Frank Hofmann's Weblog Frank Hofmann's Weblog

Monday Oct 08, 2007

to answer comments ...

huh, that was the first blog of mine attracting comments actually ... so I'll try to answer them as well as I may.

  • How about stack growth direction ?

    Well, for one thing, the method I presented isn't portable because stack_inbounds() is a Solaris-specific interface. So if you'd like to use that, you can reasonably assume that the stack grows downward, as the program used for illustration did.

    Second, even assuming that either stack_inbounds() and friends ever get ported to operating environments other than Solaris, or else that Solaris ever gets ported to hardware platforms / ABIs whose stacks grow upwards, and a truly portable approach is needed, then the following strategy can be used. The approach is outlined e.g. in the 'USAGE' section of sigstack(3C). One can test for stack growth direction e.g. by passing the address of a local variable as a parameter to a function, who compares it with the address of a local variable of its own and returns true/false depending on whether the latter is larger/smaller than the former.

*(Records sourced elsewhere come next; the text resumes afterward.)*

(* Let $\varepsilon>0$ be a constant, $m=m(n)=n^{1+\varepsilon}$ and $\mu=\mu(n)=n^{-\varepsilon}$. Suppose that for every $n$ there is a matrix $A_n\in\mathbb{F}_2^{m\times n}$ such that there is no family of polynomial-size non-uniform nondeterministic circuits $C:\{0,1\}^m\to\{0,1\}$ that accepts a constant fraction of uniformly random strings in $\{0,1\}^m$ but rejects every string of the form $A_n\vec{s}+\vec{e}$ with $\vec{s}\in\mathbb{F}_2^n$ and $\vec{e}\in\mathbb{F}_2^m$ of Hamming weight at most $\mu m$. Then there exist constants $\varepsilon'>0$, $d\ge2$ and a (non-uniformly computable) family of demi-bits generators $\{g_n:\{0,1\}^n\to\{0,1\}^{n^{1+\varepsilon'}}\}$ secure against $\mathbf{NP}/\mathrm{poly}$ such that each output bit of $g_n$ is computable by a polynomial of degree $d$ over $\mathbb{F}_2$.
   Context: A family $\{g_n:\{0,1\}^n\to\{0,1\}^{N(n)}\}$ with $N(n)>n$, computable by polynomial-size circuits, is a demi-bits generator secure against $\mathbf{NP}/\mathrm{poly}$ if there is no family of polynomial-size nondeterministic circuits $D$ that accepts a constant fraction of $y\in\{0,1\}^{N}$ while rejecting every $y\in\mathrm{Range}(g_n)$ (for all sufficiently large $n$). *)

From Stdlib Require Import Reals.
From mathcomp Require Import all_boot all_order all_algebra.
Set Implicit Arguments. Unset Strict Implicit. Unset Printing Implicit Defensive.
Import GRing.Theory.

(** Wires 0..k-1 are the inputs; gate number j produces wire k+j and may only
    read earlier wires (a reference to a non-existing wire reads [false]). *)
Inductive gate : Type :=
| GAnd : nat -> nat -> gate
| GOr  : nat -> nat -> gate
| GNot : nat -> gate.

Record circuit : Type := Circuit { gates : seq gate; outs : seq nat }.

Definition eval_gate (ws : seq bool) (g : gate) : bool :=
  match g with
  | GAnd i j => nth false ws i && nth false ws j
  | GOr i j => nth false ws i || nth false ws j
  | GNot i => ~~ nth false ws i
  end.

Definition eval_wires (C : circuit) (inp : seq bool) : seq bool :=
  foldl (fun ws g => rcons ws (eval_gate ws g)) inp (gates C).

Definition eval_out (C : circuit) (inp : seq bool) : seq bool :=
  [seq nth false (eval_wires C inp) i | i <- outs C].

Definition csize (C : circuit) : nat := size (gates C).

Record ndcircuit : Type := NDCircuit { ndc : circuit; wlen : nat }.

Definition nd_accepts (D : ndcircuit) (x : seq bool) : bool :=
  [exists y : (wlen D).-tuple bool, eval_out (ndc D) (x ++ y) == [:: true]].

Definition nd_size (D : ndcircuit) : nat := csize (ndc D) + wlen D.

Definition nd_breaks (N : nat -> nat) (Bad : forall n, (N n).-tuple bool -> Prop)
  : Prop :=
  exists (c : nat) (delta : R) (D : nat -> ndcircuit),
    Rlt R0 delta /\
    exists n0 : nat, forall n : nat, (n0 <= n)%N ->
      (nd_size (D n) <= c * n ^ c + c)%N /\
      Rle (Rmult delta (pow (INR 2) (N n))) (INR #|[set y : (N n).-tuple bool | nd_accepts (D n) y]|) /\
      (forall y : (N n).-tuple bool, Bad n y -> ~~ nd_accepts (D n) y).

Definition poly_circuit_computable (N : nat -> nat)
  (g : forall n, n.-tuple bool -> (N n).-tuple bool) : Prop :=
  exists (c : nat) (C : nat -> circuit), forall n : nat,
    (csize (C n) <= c * n ^ c + c)%N /\
    forall x : n.-tuple bool, eval_out (C n) x = val (g n x).

Definition demibits_generator_NPpoly (N : nat -> nat)
  (g : forall n, n.-tuple bool -> (N n).-tuple bool) : Prop :=
  (exists n0 : nat, forall n : nat, (n0 <= n)%N -> (n < N n)%N) /\
  poly_circuit_computable g /\
  ~ nd_breaks (fun n y => exists x : n.-tuple bool, y = g n x).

    Or, for a more portable approach that would not require knowledge of addresses of local variables (a notoriously difficult thing given that optimizing compilers can have very interesting strategies for dealing with seemingly 'unneeded' local variables), one could use something like:
    #include <ucontext.h>
    #include <sys/types.h>
    
    int can_alloca(size_t sz) {
      char *buf = alloca(sz);
      return (stack_inbounds(buf) && stack_inbounds(&buf[sz - 1]));
    }
    
    void myfunc_that_does_alloca(...) {
      int use_alloca = can_alloca(sz);
    
      if (use_alloca)
        buf = alloca(sz);
      else
        buf = malloc(sz);
    [ ... ]
      if (!use_alloca)
        free (buf);
    }
    which is slightly more expensive than the first example shown, but might still be more lightweight than using malloc() since definitely no syscalls are involved and no "malloc bookkeeping" is needed.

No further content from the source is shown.